"""

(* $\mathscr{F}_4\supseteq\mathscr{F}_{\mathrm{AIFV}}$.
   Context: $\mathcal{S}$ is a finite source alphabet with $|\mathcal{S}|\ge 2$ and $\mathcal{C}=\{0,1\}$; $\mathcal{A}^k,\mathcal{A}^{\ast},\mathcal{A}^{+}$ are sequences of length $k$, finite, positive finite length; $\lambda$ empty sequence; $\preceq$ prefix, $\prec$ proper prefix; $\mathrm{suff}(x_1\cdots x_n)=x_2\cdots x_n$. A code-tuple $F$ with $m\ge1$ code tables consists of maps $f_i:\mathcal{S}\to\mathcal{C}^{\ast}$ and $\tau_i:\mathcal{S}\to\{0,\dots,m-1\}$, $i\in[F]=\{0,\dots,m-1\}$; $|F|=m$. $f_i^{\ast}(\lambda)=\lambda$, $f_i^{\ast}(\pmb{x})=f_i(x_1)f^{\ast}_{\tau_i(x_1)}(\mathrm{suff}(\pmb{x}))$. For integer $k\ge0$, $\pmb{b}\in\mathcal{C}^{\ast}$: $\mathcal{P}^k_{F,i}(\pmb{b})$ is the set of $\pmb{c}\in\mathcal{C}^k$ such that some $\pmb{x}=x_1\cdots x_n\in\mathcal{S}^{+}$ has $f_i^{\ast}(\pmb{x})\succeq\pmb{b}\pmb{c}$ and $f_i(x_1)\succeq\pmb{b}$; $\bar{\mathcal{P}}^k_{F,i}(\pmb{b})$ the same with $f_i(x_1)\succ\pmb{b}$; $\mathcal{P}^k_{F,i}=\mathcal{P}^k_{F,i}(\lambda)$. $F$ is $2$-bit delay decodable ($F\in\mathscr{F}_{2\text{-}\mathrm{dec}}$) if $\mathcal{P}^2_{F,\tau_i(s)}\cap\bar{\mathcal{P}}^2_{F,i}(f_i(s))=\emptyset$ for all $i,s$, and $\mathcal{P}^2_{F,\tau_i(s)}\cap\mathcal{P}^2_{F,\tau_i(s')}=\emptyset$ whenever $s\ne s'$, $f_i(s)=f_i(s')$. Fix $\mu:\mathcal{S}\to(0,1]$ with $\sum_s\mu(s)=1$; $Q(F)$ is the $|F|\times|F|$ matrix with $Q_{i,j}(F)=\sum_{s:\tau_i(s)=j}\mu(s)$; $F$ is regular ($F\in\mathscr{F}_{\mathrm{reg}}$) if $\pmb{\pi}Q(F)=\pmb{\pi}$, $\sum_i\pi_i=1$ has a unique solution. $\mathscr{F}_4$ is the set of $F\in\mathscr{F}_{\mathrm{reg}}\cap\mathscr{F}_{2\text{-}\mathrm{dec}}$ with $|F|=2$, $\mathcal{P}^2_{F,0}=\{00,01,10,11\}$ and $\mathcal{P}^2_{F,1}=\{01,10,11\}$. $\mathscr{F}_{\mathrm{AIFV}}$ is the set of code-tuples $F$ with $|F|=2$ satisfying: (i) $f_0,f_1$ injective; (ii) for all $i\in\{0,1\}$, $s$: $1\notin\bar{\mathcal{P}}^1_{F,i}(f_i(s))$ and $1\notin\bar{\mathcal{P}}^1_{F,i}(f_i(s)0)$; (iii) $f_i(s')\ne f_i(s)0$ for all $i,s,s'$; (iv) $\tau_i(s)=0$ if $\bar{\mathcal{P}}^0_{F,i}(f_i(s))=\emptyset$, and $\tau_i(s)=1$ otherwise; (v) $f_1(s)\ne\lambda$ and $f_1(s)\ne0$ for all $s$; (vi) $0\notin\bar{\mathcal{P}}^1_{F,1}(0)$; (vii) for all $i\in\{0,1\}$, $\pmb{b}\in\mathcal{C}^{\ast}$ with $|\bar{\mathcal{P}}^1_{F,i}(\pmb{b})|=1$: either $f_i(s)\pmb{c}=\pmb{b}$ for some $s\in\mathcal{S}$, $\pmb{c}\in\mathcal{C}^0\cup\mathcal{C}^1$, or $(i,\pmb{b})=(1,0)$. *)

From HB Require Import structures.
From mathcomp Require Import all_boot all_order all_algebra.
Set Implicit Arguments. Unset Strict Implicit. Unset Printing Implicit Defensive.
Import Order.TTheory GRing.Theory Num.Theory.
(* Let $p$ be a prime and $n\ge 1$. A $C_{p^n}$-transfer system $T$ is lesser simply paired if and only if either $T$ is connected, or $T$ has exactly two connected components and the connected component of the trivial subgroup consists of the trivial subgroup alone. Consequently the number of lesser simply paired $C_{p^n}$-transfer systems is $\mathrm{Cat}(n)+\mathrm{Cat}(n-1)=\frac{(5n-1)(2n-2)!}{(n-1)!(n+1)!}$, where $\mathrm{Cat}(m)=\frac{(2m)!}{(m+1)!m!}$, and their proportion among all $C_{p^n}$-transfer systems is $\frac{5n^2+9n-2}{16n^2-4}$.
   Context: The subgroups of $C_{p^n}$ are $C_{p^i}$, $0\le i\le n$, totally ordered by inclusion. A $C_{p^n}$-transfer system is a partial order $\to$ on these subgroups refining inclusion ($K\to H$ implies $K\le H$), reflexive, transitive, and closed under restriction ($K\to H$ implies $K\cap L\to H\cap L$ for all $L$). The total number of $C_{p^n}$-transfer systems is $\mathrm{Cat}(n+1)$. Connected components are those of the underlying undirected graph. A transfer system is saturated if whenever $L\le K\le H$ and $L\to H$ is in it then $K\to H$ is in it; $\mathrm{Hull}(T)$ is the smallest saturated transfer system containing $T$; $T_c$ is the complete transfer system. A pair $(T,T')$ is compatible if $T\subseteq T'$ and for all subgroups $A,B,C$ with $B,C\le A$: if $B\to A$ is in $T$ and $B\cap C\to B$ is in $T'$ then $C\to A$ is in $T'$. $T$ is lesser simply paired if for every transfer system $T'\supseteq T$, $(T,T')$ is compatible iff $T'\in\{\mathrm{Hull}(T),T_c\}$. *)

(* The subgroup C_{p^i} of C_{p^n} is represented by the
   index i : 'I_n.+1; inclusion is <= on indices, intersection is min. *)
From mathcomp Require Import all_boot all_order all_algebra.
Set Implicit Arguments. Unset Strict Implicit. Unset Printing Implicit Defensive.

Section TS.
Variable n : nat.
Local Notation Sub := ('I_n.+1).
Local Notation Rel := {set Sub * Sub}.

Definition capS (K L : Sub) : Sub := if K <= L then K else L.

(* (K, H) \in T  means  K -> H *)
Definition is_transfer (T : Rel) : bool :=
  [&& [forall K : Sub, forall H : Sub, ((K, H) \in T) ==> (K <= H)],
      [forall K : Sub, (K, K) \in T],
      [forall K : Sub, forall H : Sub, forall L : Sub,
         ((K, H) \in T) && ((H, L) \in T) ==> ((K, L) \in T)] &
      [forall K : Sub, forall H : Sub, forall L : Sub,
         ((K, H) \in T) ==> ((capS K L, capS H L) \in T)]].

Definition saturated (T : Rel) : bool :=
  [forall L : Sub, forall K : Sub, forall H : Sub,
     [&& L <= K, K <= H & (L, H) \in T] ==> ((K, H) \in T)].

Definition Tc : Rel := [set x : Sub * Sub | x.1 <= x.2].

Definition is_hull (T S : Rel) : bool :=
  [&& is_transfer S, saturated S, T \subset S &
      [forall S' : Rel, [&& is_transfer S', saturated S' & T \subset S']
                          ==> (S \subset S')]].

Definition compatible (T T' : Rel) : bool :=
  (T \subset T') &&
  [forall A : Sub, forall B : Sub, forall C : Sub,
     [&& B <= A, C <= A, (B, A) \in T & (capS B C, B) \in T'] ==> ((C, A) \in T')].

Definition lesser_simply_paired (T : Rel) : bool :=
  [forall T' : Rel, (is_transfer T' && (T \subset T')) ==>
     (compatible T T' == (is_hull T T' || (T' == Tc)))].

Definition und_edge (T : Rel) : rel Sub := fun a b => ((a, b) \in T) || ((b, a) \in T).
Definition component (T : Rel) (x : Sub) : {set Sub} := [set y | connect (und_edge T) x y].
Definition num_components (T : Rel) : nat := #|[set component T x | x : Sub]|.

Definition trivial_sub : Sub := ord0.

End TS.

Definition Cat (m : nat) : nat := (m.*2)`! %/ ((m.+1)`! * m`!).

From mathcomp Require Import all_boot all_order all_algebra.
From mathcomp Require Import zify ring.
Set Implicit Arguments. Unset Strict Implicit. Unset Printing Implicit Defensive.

"""
"""

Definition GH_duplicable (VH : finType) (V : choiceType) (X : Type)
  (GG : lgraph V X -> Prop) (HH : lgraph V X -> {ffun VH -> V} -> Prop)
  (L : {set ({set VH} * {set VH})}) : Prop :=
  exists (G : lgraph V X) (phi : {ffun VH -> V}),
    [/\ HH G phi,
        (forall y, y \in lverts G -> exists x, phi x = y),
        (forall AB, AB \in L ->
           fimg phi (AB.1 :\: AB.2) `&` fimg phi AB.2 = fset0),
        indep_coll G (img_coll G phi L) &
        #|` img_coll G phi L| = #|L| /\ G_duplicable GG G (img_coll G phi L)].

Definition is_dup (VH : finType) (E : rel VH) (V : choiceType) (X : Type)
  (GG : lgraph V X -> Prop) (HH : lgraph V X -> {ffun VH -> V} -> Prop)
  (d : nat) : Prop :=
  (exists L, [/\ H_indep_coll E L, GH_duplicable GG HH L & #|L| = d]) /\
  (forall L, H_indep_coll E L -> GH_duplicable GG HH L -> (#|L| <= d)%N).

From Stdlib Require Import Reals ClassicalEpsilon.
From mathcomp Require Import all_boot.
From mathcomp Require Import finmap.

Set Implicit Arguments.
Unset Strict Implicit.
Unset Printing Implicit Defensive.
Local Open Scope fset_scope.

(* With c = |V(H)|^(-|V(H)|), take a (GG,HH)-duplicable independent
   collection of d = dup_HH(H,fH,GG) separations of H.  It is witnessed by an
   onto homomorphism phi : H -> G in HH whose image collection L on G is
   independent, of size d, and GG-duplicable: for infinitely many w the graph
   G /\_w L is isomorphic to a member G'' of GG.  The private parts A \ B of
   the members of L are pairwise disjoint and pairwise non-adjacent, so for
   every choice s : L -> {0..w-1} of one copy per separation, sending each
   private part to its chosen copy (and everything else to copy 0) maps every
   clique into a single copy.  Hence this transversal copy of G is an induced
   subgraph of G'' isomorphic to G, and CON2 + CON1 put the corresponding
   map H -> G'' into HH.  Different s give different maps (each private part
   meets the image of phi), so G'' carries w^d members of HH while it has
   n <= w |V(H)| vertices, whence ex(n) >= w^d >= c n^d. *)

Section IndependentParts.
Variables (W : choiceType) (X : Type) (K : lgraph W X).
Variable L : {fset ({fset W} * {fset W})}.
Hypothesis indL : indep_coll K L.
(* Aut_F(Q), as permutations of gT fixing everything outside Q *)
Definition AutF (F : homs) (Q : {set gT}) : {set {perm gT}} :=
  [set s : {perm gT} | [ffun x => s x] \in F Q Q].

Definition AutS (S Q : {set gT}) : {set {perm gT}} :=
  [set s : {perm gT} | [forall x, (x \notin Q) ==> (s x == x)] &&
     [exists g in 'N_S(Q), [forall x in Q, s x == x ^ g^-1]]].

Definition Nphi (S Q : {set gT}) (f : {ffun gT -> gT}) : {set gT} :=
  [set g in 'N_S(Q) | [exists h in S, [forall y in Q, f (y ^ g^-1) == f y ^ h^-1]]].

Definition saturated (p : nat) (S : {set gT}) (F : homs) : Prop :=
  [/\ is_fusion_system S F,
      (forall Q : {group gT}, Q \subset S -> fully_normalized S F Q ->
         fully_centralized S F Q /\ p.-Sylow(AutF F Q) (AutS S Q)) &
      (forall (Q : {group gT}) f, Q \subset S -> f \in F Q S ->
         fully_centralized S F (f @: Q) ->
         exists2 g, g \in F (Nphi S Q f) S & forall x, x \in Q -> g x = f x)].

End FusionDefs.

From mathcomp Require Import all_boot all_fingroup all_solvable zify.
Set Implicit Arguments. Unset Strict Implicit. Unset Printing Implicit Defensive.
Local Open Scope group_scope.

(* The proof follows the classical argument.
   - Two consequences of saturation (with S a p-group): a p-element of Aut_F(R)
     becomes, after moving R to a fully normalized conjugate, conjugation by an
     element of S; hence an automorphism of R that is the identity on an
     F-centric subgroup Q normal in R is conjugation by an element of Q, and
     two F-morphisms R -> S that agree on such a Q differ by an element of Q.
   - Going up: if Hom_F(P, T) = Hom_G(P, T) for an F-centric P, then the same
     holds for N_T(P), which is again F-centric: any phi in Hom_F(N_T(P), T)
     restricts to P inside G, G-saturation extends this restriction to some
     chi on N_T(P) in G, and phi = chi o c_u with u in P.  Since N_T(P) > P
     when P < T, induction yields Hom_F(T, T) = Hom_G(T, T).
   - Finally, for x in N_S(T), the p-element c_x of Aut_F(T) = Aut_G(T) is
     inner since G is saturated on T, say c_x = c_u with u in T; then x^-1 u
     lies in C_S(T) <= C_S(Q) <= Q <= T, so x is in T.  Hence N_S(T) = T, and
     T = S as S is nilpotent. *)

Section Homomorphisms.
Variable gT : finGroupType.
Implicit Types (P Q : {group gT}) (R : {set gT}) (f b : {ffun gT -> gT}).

"""

▶ _Work task_: What are the lines above, starting at the one with "- Two consequences" and ending at the one with "element of S;"? Give them again exactly, and only them.

▶ _Response below_:
   - Two consequences of saturation (with S a p-group): a p-element of Aut_F(R)
     becomes, after moving R to a fully normalized conjugate, conjugation by an
     element of S; hence an automorphism of R that is the identity on an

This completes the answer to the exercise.